A teenage couple, curled in a crescent in the damp grass,
blinked with heavy eyelids, searching for a glimpse of the sunrise.
His callused fingers trailed her cheekbone and swept sand
from her knotted curls. She could hear his gospel lullaby despite the waves
pounding on the shore. He whispered, “You are my only inspiration,”
and looked into her eyes, now brimming with silver tears.

He turned toward the horizon, feeling the sting of secret tears.
She slid her hand across the weeds to meet his hand; his fingernails were ingrained with sand
From that night’s adventure. “Let’s stay up and watch the sunrise!”
she’d suggested. Now, they found themselves on that familiar grassy
knoll, stuck in a world of deja vu: tasting the salt spray from the Hukilau waves,
dreaming of “what if’s,” and searching for a better source of inspiration.

Only she had the power to open his cage. Only she had the inspiration
to lure him into her golden arms, onto the clumps of grass,
and into her mending heart. She’d tasted handfuls of moonlit tears
since she turned sixteen. Suddenly, the clouds broke and the sunrise
spread corals, oranges, and pinks across the horizon, staining the sand,
already spotted from both her eyes and the choppy waves.

He never felt exhilarated without her, not even after riding the waves
near Goat Island. How could he stop her cheek-carving tears?
His brown arms pulled her closer in their nest of crab-grass
and he smelled her candied hair. Would he be uninspired
when she left? Hawaii had more to offer than surf and sand,
he’d learned in the past month: she and the sunrise.

She let her brown eyes flutter, picking through his sandy
mop of hair, pinching his biceps, and ignoring the breaking waves.
She saw a last bit of hopeful inspiration
in his reflecting eyes as she swiped at his potential tears.
Their legs entwined, rough and scratchy in the patch of grass
as they embraced with more passion, silhouetted in the sunrise.

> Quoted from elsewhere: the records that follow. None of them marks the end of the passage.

Record cBa : Type := CBa {
  car :> Type;
  le : car -> car -> Prop;
  sup : (car -> Prop) -> car;
  inf : (car -> Prop) -> car;
  compl : car -> car;
  le_refl : forall x, le x x;
  le_trans : forall x y z, le x y -> le y z -> le x z;
  le_antisym : forall x y, le x y -> le y x -> x = y;
  sup_ub : forall (P : car -> Prop) x, P x -> le x (sup P);
  sup_least : forall (P : car -> Prop) u, (forall x, P x -> le x u) -> le (sup P) u;
  inf_lb : forall (P : car -> Prop) x, P x -> le (inf P) x;
  inf_greatest : forall (P : car -> Prop) u, (forall x, P x -> le u x) -> le u (inf P);
  meet_join_distr : forall x y z,
    inf (fun w => w = x \/ w = sup (fun v => v = y \/ v = z)) =
    sup (fun w => w = inf (fun v => v = x \/ v = y) \/
                  w = inf (fun v => v = x \/ v = z));
  compl_meet : forall x, inf (fun w => w = x \/ w = compl x) = sup (fun _ => False);
  compl_join : forall x, sup (fun w => w = x \/ w = compl x) = inf (fun _ => False)
}.

Section DB.
Variable B : cBa.

Definition DB : Type := { p : B * B | le B (fst p) (snd p) }.
Definition Box (a : DB) : B := fst (proj1_sig a).
Definition Dia (a : DB) : B := snd (proj1_sig a).

Definition pBox (p : B * B) := fst p.
Definition pDia (p : B * B) := snd p.
Definition pneg (a : DB) : B * B := (compl B (Dia a), compl B (Box a)).
Definition psup {I : Type} (f : I -> DB) : B * B :=
  (sup B (fun x => exists i, x = Box (f i)), sup B (fun x => exists i, x = Dia (f i))).
Definition pinf {I : Type} (f : I -> DB) : B * B :=
  (inf B (fun x => exists i, x = Box (f i)), inf B (fun x => exists i, x = Dia (f i))).

Definition dle (a : DB) (q : B * B) : Prop :=
  le B (Box a) (pBox q) /\ le B (pDia q) (Dia a).

Definition semi_valuation (V : form -> DB) : Prop :=
  (forall F, dle (V (Neg F)) (pneg (V F))) /\
  (forall F0 F1, dle (V (Or F0 F1)) (psup (fun b : bool => V (if b then F1 else F0)))) /\
  (forall F0 F1, dle (V (And F0 F1)) (pinf (fun b : bool => V (if b then F1 else F0)))) /\
  (forall F, dle (V (Ex F)) (psup (fun t : Tm0 => V (inst0 F t)))) /\
  (forall F, dle (V (All F)) (pinf (fun t : Tm0 => V (inst0 F t)))) /\
  (forall m F, dle (V (SEx m F)) (psup (fun T : Tm1 => V (inst1 m F T)))) /\
  (forall m F, dle (V (SAll m F)) (pinf (fun T : Tm1 => V (inst1 m F T)))).

End DB.
Arguments Box {B}.
Arguments Dia {B}.

(* Semi-valuations only bound V(F)
   from one side by the sup/inf of its components, which is exactly the
   direction each rule needs; the case splits are done with distributivity,
   and complements give the infinite distributive laws for the quantifiers.
   The eigenvariable rules need the premise at every instance F(t), not only
   at F(a), so the invariant proved is validity after every simultaneous
   substitution (σ, s) of first- and second-order variables: the substitution
   sending the fresh a to t (or Y to T) turns F(a) into F(t) and fixes the
   side formulas.  This rests on substitution commuting with instantiation
   ([inst0_sub], [inst1_sub]). *)

From Stdlib Require Import List Arith Lia FunctionalExtensionality.

(** * Simultaneous substitution *)

(* [σ] renames the first-order variables (terms are variables) and [s n X]
   is the abstract replacing the n-ary variable X. *)
Fixpoint sub (σ : nat -> nat) (s : nat -> nat -> Tm1) (F : form) : form :=
  match F with
  | Atom X t ts => inst (S (length ts)) (s (S (length ts)) X) (σ t :: map σ ts)
  | Neg G => Neg (sub σ s G)
  | Or G H => Or (sub σ s G) (sub σ s H)
  | And G H => And (sub σ s G) (sub σ s H)
  | Ex G => Ex (sub (upF σ) (upS_F s) G)
  | All G => All (sub (upF σ) (upS_F s) G)
  | SEx m G => SEx m (sub σ (upS_S (S m) s) G)
  | SAll m G => SAll m (sub σ (upS_S (S m) s) G)
  end.

Definition args_ren (n : nat) (args : list nat) : nat -> nat :=
  fun i => if Nat.ltb i n then nth i args 0 else i - n.

Definition lift_ren (n : nat) (ρ : nat -> nat) : nat -> nat :=
  fun i => if Nat.ltb i n then i else n + ρ (i - n).

Definition skip_ren (n : nat) : nat -> nat := fun i => if Nat.ltb i n then i else S i.

Definition shift_ren (n k : nat) : nat -> nat := fun i => if Nat.ltb i k then i else i + n.

Definition so_shift (k : nat) : nat -> nat -> nat :=
  fun n Y => if Nat.eqb n k then S Y else Y.

(* (σ, s) acting on an n-ary abstract: its n argument variables stay fixed,
   and the abstracts of s are moved past them. *)
Definition sub_abs (n : nat) (σ : nat -> nat) (s : nat -> nat -> Tm1) (T : Tm1) : Tm1 :=
  sub (lift_ren n σ) (fun k X => fren (shift_ren n k) (s k X)) T.

Definition scomp (σ : nat -> nat) (s s1 : nat -> nat -> Tm1) : nat -> nat -> Tm1 :=
  fun n X => sub_abs n σ s (s1 n X).

Lemma inst_args_ren n T args : inst n T args = fren (args_ren n args) T.
Proof. reflexivity. Qed.

Lemma nth_map_lt (f : nat -> nat) l i :
  i < length l -> nth i (map f l) 0 = f (nth i l 0).
Proof. intro H. rewrite (nth_indep _ _ (f 0)) by (rewrite length_map; lia). apply map_nth. Qed.

Lemma upS_F_skip s n X : upS_F s n X = fren (skip_ren n) (s n X).
Proof. reflexivity. Qed.

Lemma upS_S_same_0 k s : upS_S k s k 0 = var_abs k 0.
Proof. unfold upS_S; cbv zeta; rewrite Nat.eqb_refl; reflexivity. Qed.

Lemma upS_S_same_S k s Y : upS_S k s k (S Y) = sren (so_shift k) (s k Y).
Proof. unfold upS_S; cbv zeta; rewrite Nat.eqb_refl; reflexivity. Qed.

Lemma upS_S_other k s n X : n <> k -> upS_S k s n X = sren (so_shift k) (s n X).
Proof. intro H; unfold upS_S; cbv zeta; apply Nat.eqb_neq in H; rewrite H; reflexivity. Qed.

Lemma fren_fren F : forall f g, fren f (fren g F) = fren (fun i => f (g i)) F.
Proof.
  induction F; intros f g; simpl; rewrite ?IHF, ?IHF1, ?IHF2, ?map_map; try reflexivity.
  all: do 2 f_equal; apply functional_extensionality; intros [|i]; reflexivity.
Qed.

Lemma fren_id F : forall f, (forall i, f i = i) -> fren f F = F.
Proof.
  induction F; intros f Hf; simpl; rewrite ?IHF, ?IHF1, ?IHF2; auto.
  - rewrite Hf, (map_ext_in _ id), map_id; auto.
  - intros [|i]; simpl; auto.
  - intros [|i]; simpl; auto.
Qed.

Lemma fren_sren F : forall f r, fren f (sren r F) = sren r (fren f F).
Proof.
  induction F; intros f r; simpl; rewrite ?IHF, ?IHF1, ?IHF2, ?length_map; reflexivity.
Qed.

Lemma sren_sren F : forall a b, sren a (sren b F) = sren (fun n X => a n (b n X)) F.
Proof.
  induction F; intros a b; simpl; rewrite ?IHF, ?IHF1, ?IHF2; try reflexivity.
  all: do 2 f_equal; do 2 (apply functional_extensionality; intro);
       unfold upSr; destruct (Nat.eqb _ _); [destruct x0|]; reflexivity.
Qed.

Lemma so_free_arity_pos F : forall n Y, so_free n Y F -> 1 <= n.
Proof.
  induction F; intros n Y H; simpl in H; try lia; try (destruct H; eauto; fail); eauto.
  all: destruct n; [apply IHF in H; lia | lia].
Qed.

Lemma so_free_SEx_same m G Y : so_free (S m) (S Y) G -> so_free (S m) Y (SEx m G).
Proof. simpl. rewrite Nat.eqb_refl. auto. Qed.

Lemma so_free_SAll_same m G Y : so_free (S m) (S Y) G -> so_free (S m) Y (SAll m G).
Proof. simpl. rewrite Nat.eqb_refl. auto. Qed.

Lemma sub_ext_free F : forall σ σ' s s',
  (forall a, fo_free a F -> σ a = σ' a) ->
  (forall n X, so_free n X F -> s n X = s' n X) ->
  sub σ s F = sub σ' s' F.
Proof.
  induction F; intros σ σ' s s' Hσ Hs; simpl in *.
  { rewrite Hs, Hσ, (map_ext_in σ σ') by auto. reflexivity. }
  all: f_equal; first [apply IHF | apply IHF1 | apply IHF2]; auto.
  1,3: intros [|a] Ha; simpl; auto.
  1,2: intros n X HX; rewrite !upS_F_skip, Hs; auto.
  all: intros n X HX; destruct (Nat.eq_dec n (S m)) as [->|Hn];
       [destruct X; [rewrite !upS_S_same_0 | rewrite !upS_S_same_S, Hs]
       |rewrite !upS_S_other by auto; rewrite Hs]; auto.
  all: try (simpl; rewrite Nat.eqb_refl; auto).
  all: simpl; destruct n; auto; destruct (Nat.eqb_spec m n); [lia|auto].
Qed.


Lemma sub_ext F σ σ' s s' :
  (forall a, σ a = σ' a) -> (forall n X, 1 <= n -> s n X = s' n X) ->
  sub σ s F = sub σ' s' F.
Proof.
  intros Hσ Hs; apply sub_ext_free; auto.
  intros n X H; apply Hs; eapply so_free_arity_pos; eauto.
Qed.

Lemma args_ren_lift n args ρ i : length args = n ->
  ρ (args_ren n args i) = args_ren n (map ρ args) (lift_ren n ρ i).
Proof.
  intro Hl; unfold args_ren, lift_ren.
  destruct (Nat.ltb_spec i n).
  - destruct (Nat.ltb_spec i n); [|lia]. rewrite nth_map_lt; auto; lia.
  - destruct (Nat.ltb_spec (n + ρ (i - n)) n); [lia|]. f_equal; lia.
Qed.

Lemma lift_args_ren_shift k n args i : lift_ren k (args_ren n args) (shift_ren n k i) = i.
Proof.
  unfold args_ren, lift_ren, shift_ren.
  destruct (Nat.ltb_spec i k).
  - destruct (Nat.ltb_spec i k); lia.
  - destruct (Nat.ltb_spec (i + n) k); [lia|].
    destruct (Nat.ltb_spec (i + n - k) n); lia.
Qed.

Lemma lift_ren_skip k ρ i :
  lift_ren k (upF ρ) (skip_ren k i) = skip_ren k (lift_ren k ρ i).
Proof.
  unfold lift_ren, skip_ren.
  destruct (Nat.ltb_spec i k).
  - destruct (Nat.ltb_spec i k); [|lia]. destruct (Nat.ltb_spec i k); lia.
  - destruct (Nat.ltb_spec (S i) k); [lia|].
    replace (S i - k) with (S (i - k)) by lia. simpl.
    destruct (Nat.ltb_spec (k + ρ (i - k)) k); lia.
Qed.

Lemma fren_var_abs f n X : (forall i, i < n -> f i = i) -> 1 <= n ->
  fren f (var_abs n X) = var_abs n X.
Proof.
  intros Hf H. unfold var_abs. simpl. rewrite Hf by lia. f_equal.
  rewrite (map_ext_in _ id), map_id; auto.
  intros a Ha. apply in_seq in Ha. apply Hf. destruct n; simpl in Ha; unfold id; lia.
Qed.

Lemma sren_var_abs r n X : 1 <= n -> sren r (var_abs n X) = var_abs n (r n X).
Proof.
  intro H. unfold var_abs. simpl. rewrite length_seq.
  replace (S (pred n)) with n by lia. reflexivity.
Qed.

Lemma fren_lift_upS_S ρ s m n X :
  fren (lift_ren n ρ) (upS_S (S m) s n X) =
  upS_S (S m) (fun k Y => fren (lift_ren k ρ) (s k Y)) n X.
Proof.
  destruct (Nat.eq_dec n (S m)) as [->|Hn].
  - destruct X.
    + rewrite !upS_S_same_0. apply fren_var_abs; [|lia].
      intros i Hi. unfold lift_ren. destruct (Nat.ltb_spec i (S m)); lia.
    + rewrite !upS_S_same_S. apply fren_sren.
  - rewrite !upS_S_other by auto. apply fren_sren.
Qed.

Lemma fren_sub F : forall ρ σ s,
  fren ρ (sub σ s F) = sub (fun i => ρ (σ i)) (fun k X => fren (lift_ren k ρ) (s k X)) F.
Proof.
  induction F; intros ρ σ s; simpl; rewrite ?IHF, ?IHF1, ?IHF2; try reflexivity.
  { rewrite !inst_args_ren, !fren_fren. f_equal. apply functional_extensionality; intro i.
    replace (ρ (σ t) :: map (fun i => ρ (σ i)) ts) with (map ρ (σ t :: map σ ts))
      by (simpl; rewrite map_map; reflexivity).
    apply args_ren_lift. simpl; rewrite length_map; reflexivity. }
  1,2: do 2 f_equal;
    [ apply functional_extensionality; intros [|i]; reflexivity
    | do 2 (apply functional_extensionality; intro); rewrite !upS_F_skip, !fren_fren;
      f_equal; apply functional_extensionality; intro; apply lift_ren_skip ].
  all: do 2 f_equal; do 2 (apply functional_extensionality; intro); apply fren_lift_upS_S.
Qed.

The sky was blue now, their last summer sunrise
spent in moments of quiet and spontaneous inspiration
on both parts. They surrendered to silence as the waves
flattened the hills of creamy shore-sand.
“Let’s skip the goodbyes,” he said. “No more tears.”
Still, their bodies entangled in the dewy beach grass.

Meet me there in the grass for a final sunrise,
somewhere, where the sand is sweet and the waves
kind. Be my inspiration and kiss away my tears.